一个bucket 桶，在Go源码中的代码是：
是bmap这个结构体（b:bucket)

// A bucket for a Go map.
type bmap struct {
	// tophash generally contains the top byte of the hash value
	// for each key in this bucket. If tophash[0] < minTopHash,
	// tophash[0] is a bucket evacuation state instead.
	tophash [bucketCnt]uint8
	// Followed by bucketCnt keys and then bucketCnt elems.
	// NOTE: packing all the keys together and then all the elems together makes the
	// code a bit more complicated than alternating key/elem/key/elem/... but it allows
	// us to eliminate padding which would be needed for, e.g., map[int64]int8.
	// Followed by an overflow pointer.
}

自动扩容

map会自动扩容，扩容的内存分配由运行时负责。只要内存够，就可以一直往map里添新数据。
扩容也就是扩充buckets的数量。并重新在bucket间均衡分配数据。

触发扩容有两种：
一个是count太多了！
一个是overflow bucket 数量太多了！

1、count太多，多到 count > LoadFactor * 2^B 这种程度！

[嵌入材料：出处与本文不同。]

(* Let $\mathcal P^*$ be any partition of $\mathcal M$ minimizing $\Delta$, and let $\lambda^*=\lambda^{(\mathcal P^* )}$. Then for any CR $\mathbf J$ obtained from an interactive communication $\mathbf F$, $$\lim_{n\to\infty}\frac1n\sum_{B\in\mathcal B}\lambda^*_B\,H(\mathbf J|X^n_{B^c},\mathbf F)=0.$$
   Context: Let $\mathcal M=\{1,\dots,m\}$, $m\ge2$, and let $X_{\mathcal M}=(X_1,\dots,X_m)$ be jointly distributed random variables on finite alphabets. $X^n_{\mathcal M}$ consists of $n$ i.i.d. copies of $X_{\mathcal M}$, and $X^n_A=(X^n_i:i\in A)$. An interactive communication $\mathbf F$ (depending on $n$) is a finite sequence of transmissions; each is sent by some terminal $i$ and is a deterministic function of $X^n_i$ and the previous transmissions. A common randomness (CR) obtained from $\mathbf F$ is a sequence $\mathbf J=\mathbf J^{(n)}$ of functions of $X^n_{\mathcal M}$ such that for every $0<\epsilon<1$ and all large $n$ there exist $J_i=J_i(X^n_i,\mathbf F)$, $i\in\mathcal M$, with $\Pr[J_1=\cdots=J_m=\mathbf J]\ge1-\epsilon$. For a partition $\mathcal P$ with $|\mathcal P|\ge2$, $\Delta(\mathcal P)=\frac{1}{|\mathcal P|-1}[\sum_{A\in\mathcal P}H(X_A)-H(X_{\mathcal M})]$. $\mathcal B$ is the set of nonempty proper subsets of $\mathcal M$, and $\lambda^{(\mathcal P)}_B=\mathbf 1\{B^c\in\mathcal P\}/(|\mathcal P|-1)$. *)

From Stdlib Require Import Reals.
From mathcomp Require Import all_boot.
Set Implicit Arguments.
Unset Strict Implicit.
Unset Printing Implicit Defensive.

Local Open Scope R_scope.

Definition prob (W : finType) (p : W -> R) (E : pred W) : R :=
  \big[Rplus/0]_(w | E w) p w.

(* Shannon entropy (natural log) of a random variable Z : W -> T, i.e.
   H(Z) = - sum_w p(w) ln P[Z = Z(w)] = - sum_z P[Z=z] ln P[Z=z]. *)
Definition entropy (W : finType) (p : W -> R) (T : eqType) (Z : W -> T) : R :=
  - \big[Rplus/0]_(w : W) (p w * ln (prob p (fun w' => Z w' == Z w))).

Definition cond_entropy (W : finType) (p : W -> R) (T U : eqType)
  (Z : W -> T) (Y : W -> U) : R :=
  entropy p (fun w => (Z w, Y w)) - entropy p Y.

Definition iid_pmf (W : finType) (p : W -> R) (n : nat) (w : {ffun 'I_n -> W}) : R :=
  \big[Rmult/1]_(t < n) p (w t).

Section Source.
Variables (m : nat) (Al : 'I_m -> finType) (W : finType)
          (X : forall i : 'I_m, W -> Al i).

Definition XA (A : {set 'I_m}) (w : W) : seq {i : 'I_m & Al i} :=
  [seq existT (fun i => Al i) i (X i w) | i <- enum A].

Definition Xn (n : nat) (i : 'I_m) (w : {ffun 'I_n -> W}) : {ffun 'I_n -> Al i} :=
  [ffun t => X i (w t)].

Definition XnA (n : nat) (A : {set 'I_m}) (w : {ffun 'I_n -> W})
  : seq {i : 'I_m & {ffun 'I_n -> Al i}} :=
  [seq existT (fun i => {ffun 'I_n -> Al i}) i (Xn i w) | i <- enum A].

(* A single transmission: a sender and a deterministic function of the
   sender's observation X_i^n and the previous transmissions.  Messages
   are encoded in nat (any finite alphabet injects into nat). *)
Record transmission (n : nat) := Transmission {
  sender : 'I_m;
  message : {ffun 'I_n -> Al sender} -> seq nat -> nat }.

Definition communication (n : nat) := seq (transmission n).

Fixpoint run_aux (n : nat) (hist : seq nat) (F : communication n)
  (w : {ffun 'I_n -> W}) : seq nat :=
  match F with
  | [::] => hist
  | tr :: F' => run_aux (rcons hist (@message n tr (Xn (@sender n tr) w) hist)) F' w
  end.

Definition run (n : nat) (F : communication n) (w : {ffun 'I_n -> W}) : seq nat :=
  run_aux [::] F w.

Definition J_val (J : forall n, (forall i : 'I_m, {ffun 'I_n -> Al i}) -> nat)
  (n : nat) (w : {ffun 'I_n -> W}) : nat := J n (fun i => Xn i w).

Definition is_CR (p : W -> R) (F : forall n, communication n)
  (J : forall n, (forall i : 'I_m, {ffun 'I_n -> Al i}) -> nat) : Prop :=
  forall eps : R, 0 < eps < 1 ->
  exists N : nat, forall n : nat, (N <= n)%N ->
    exists Ji : forall i : 'I_m, {ffun 'I_n -> Al i} -> seq nat -> nat,
      prob (@iid_pmf W p n)
        (fun w => [forall i, Ji i (Xn i w) (run (F n) w) == J_val J w])
      >= 1 - eps.

Definition Delta_part (p : W -> R) (P : {set {set 'I_m}}) : R :=
  (\big[Rplus/0]_(A in P) entropy p (XA A) - entropy p (XA setT))
  / INR (#|P| - 1).

Definition is_partition_M (P : {set {set 'I_m}}) : Prop :=
  partition P [set: 'I_m] /\ (2 <= #|P|)%N.

Definition lam (P : {set {set 'I_m}}) (B : {set 'I_m}) : R :=
  if ~: B \in P then / INR (#|P| - 1) else 0.

End Source.

(* Fano's inequality: if the event G, on which Z is a function of Y, has
   probability at least 1 - d, then H(Z | Y) <= 2 + d ln |Omega|.  For a
   common randomness J and B <> M pick i in B^c: on the event where terminal i
   recovers J, J is a function of (X^n_{B^c}, F), so with Omega the n-fold
   sample space H(J | X^n_{B^c}, F) <= 2 + d n ln |W| eventually, for every
   d > 0.  Hence the weighted sum is o(n). *)

From HB Require Import structures.
From Stdlib Require Import Reals Lra.
From mathcomp Require Import all_boot.

Set Implicit Arguments.
Unset Strict Implicit.

Local Open Scope R_scope.

HB.instance Definition _ := Monoid.isComLaw.Build R 0 Rplus
  (fun x y z => esym (Rplus_assoc x y z)) Rplus_comm Rplus_0_l.
HB.instance Definition _ := Monoid.isComLaw.Build R 1 Rmult
  (fun x y z => esym (Rmult_assoc x y z)) Rmult_comm Rmult_1_l.
HB.instance Definition _ := Monoid.isMulLaw.Build R 0 Rmult Rmult_0_l Rmult_0_r.
HB.instance Definition _ := Monoid.isAddLaw.Build R Rmult Rplus
  Rmult_plus_distr_r Rmult_plus_distr_l.

Section RealSums.
Variable I : finType.
Implicit Types (P Q : pred I) (f g : I -> R).

Lemma ler_sumR P f g : (forall i, P i -> f i <= g i) ->
  \big[Rplus/0]_(i | P i) f i <= \big[Rplus/0]_(i | P i) g i.
Proof.
move=> fg; apply: (big_ind2 (fun x y => x <= y)) => //; first lra.
by move=> *; apply: Rplus_le_compat.
Qed.

Lemma sumR_ge0 P f : (forall i, P i -> 0 <= f i) ->
  0 <= \big[Rplus/0]_(i | P i) f i.
Proof. by move=> f0; apply: (big_ind (fun x => 0 <= x)) => // *; lra. Qed.

Lemma ler_sumR_subpred P Q f : (forall i, 0 <= f i) -> (forall i, P i -> Q i) ->
  \big[Rplus/0]_(i | P i) f i <= \big[Rplus/0]_(i | Q i) f i.
Proof.
move=> f0 PQ; rewrite (big_mkcond P) (big_mkcond Q); apply: ler_sumR => i _.
have := f0 i; case: (boolP (P i)) => [/PQ -> | _]; first lra.
by case: (Q i); lra.
Qed.

Lemma ler_sumR_term P f j : (forall i, 0 <= f i) -> P j ->
  f j <= \big[Rplus/0]_(i | P i) f i.
Proof.
move=> f0 Pj; rewrite (bigD1 j) //=.
have := @sumR_ge0 (fun i => P i && (i != j)) f (fun i _ => f0 i); lra.
Qed.

Lemma sumR_mulr P f c :
  \big[Rplus/0]_(i | P i) (f i * c) = (\big[Rplus/0]_(i | P i) f i) * c.
Proof. by symmetry; apply: (big_morph (fun x => x * c)) => [x y|]; lra. Qed.

Lemma sumR_mull P f c :
  \big[Rplus/0]_(i | P i) (c * f i) = c * (\big[Rplus/0]_(i | P i) f i).
Proof. by rewrite Rmult_comm -sumR_mulr; apply: eq_bigr => i _; lra. Qed.

Lemma sumR_opp P f :
  \big[Rplus/0]_(i | P i) (- f i) = - (\big[Rplus/0]_(i | P i) f i).
Proof. by symmetry; apply: (big_morph Ropp) => [x y|]; lra. Qed.

Lemma sumR_const c : \big[Rplus/0]_(i : I) c = INR #|I| * c.
Proof.
rewrite big_const; elim: #|I| => [|k IH]; first by rewrite /=; lra.
by rewrite S_INR /= IH; lra.
Qed.

End RealSums.

Lemma ln_le_ln x y : 0 < x -> x <= y -> ln x <= ln y.
Proof. by move=> x0 [/(ln_increasing _ _ x0)|->]; lra. Qed.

count > LoadFactor * 2^B 时，会扩容。

const(
	...
	// Maximum average load of a bucket that triggers growth is 6.5.

	// Represent as loadFactorNum/loadFactorDen, to allow integer math.
	loadFactorNum = 13
	loadFactorDen = 2
	...
)

LoadFactor负载因子目前设置为6.5，就是上面定义的常量值loadFactorNum除以loadFactorDen计算出来的。

然后2^B是buckets数组的长度。

扩容方式是，创建一个原来buckets规模的2倍大的buckets，然后oldbuckets指向原buckets数组，只有当assgin和delete操作（即插入和删除）时，进行排空和迁移，直到完全迁移完，删除oldbuckets指向，原buckets数组释放。
map扩容示意图

2、overflow bucket 数量太多

noverflow >= uint16(1)<<(B&15)

扩容方式是，创建一个和原来buckets一样规模的buckets，也是只当assgin和delete操作（即插入和删除）时，进行排空和迁移。

map自动扩容源代码

func mapassign(t *maptype, h *hmap, key unsafe.Pointer) unsafe.Pointer {
	...
	// If we hit the max load factor or we have too many overflow buckets,
	// and we're not already in the middle of growing, start growing. 我们还没开始生长，就生长吧。[doge]。
	if !h.growing() && (overLoadFactor(h.count+1, h.B) || tooManyOverflowBuckets(h.noverflow, h.B)) {
		hashGrow(t, h)
		goto again // Growing the table invalidates everything, so try again
	}
	...
}

map容量

map 容量

和数组不同，map 可以根据新增的 key-value 动态的伸缩，因此它不存在固定长度或者最大限制，但是也可以选择标明 map 的初始容量 capacity，格式如下：

make(map[keytype]valuetype, cap)

例如：

m := make(map[string]float, 20)

当 map 增长到容量上限的时候，如果再增加新的 key-value，map 的大小会自动加 1，所以出于性能的考虑，对于大的 map 或者会快速扩张的 map，即使只是大概知道容量，也最好先标明。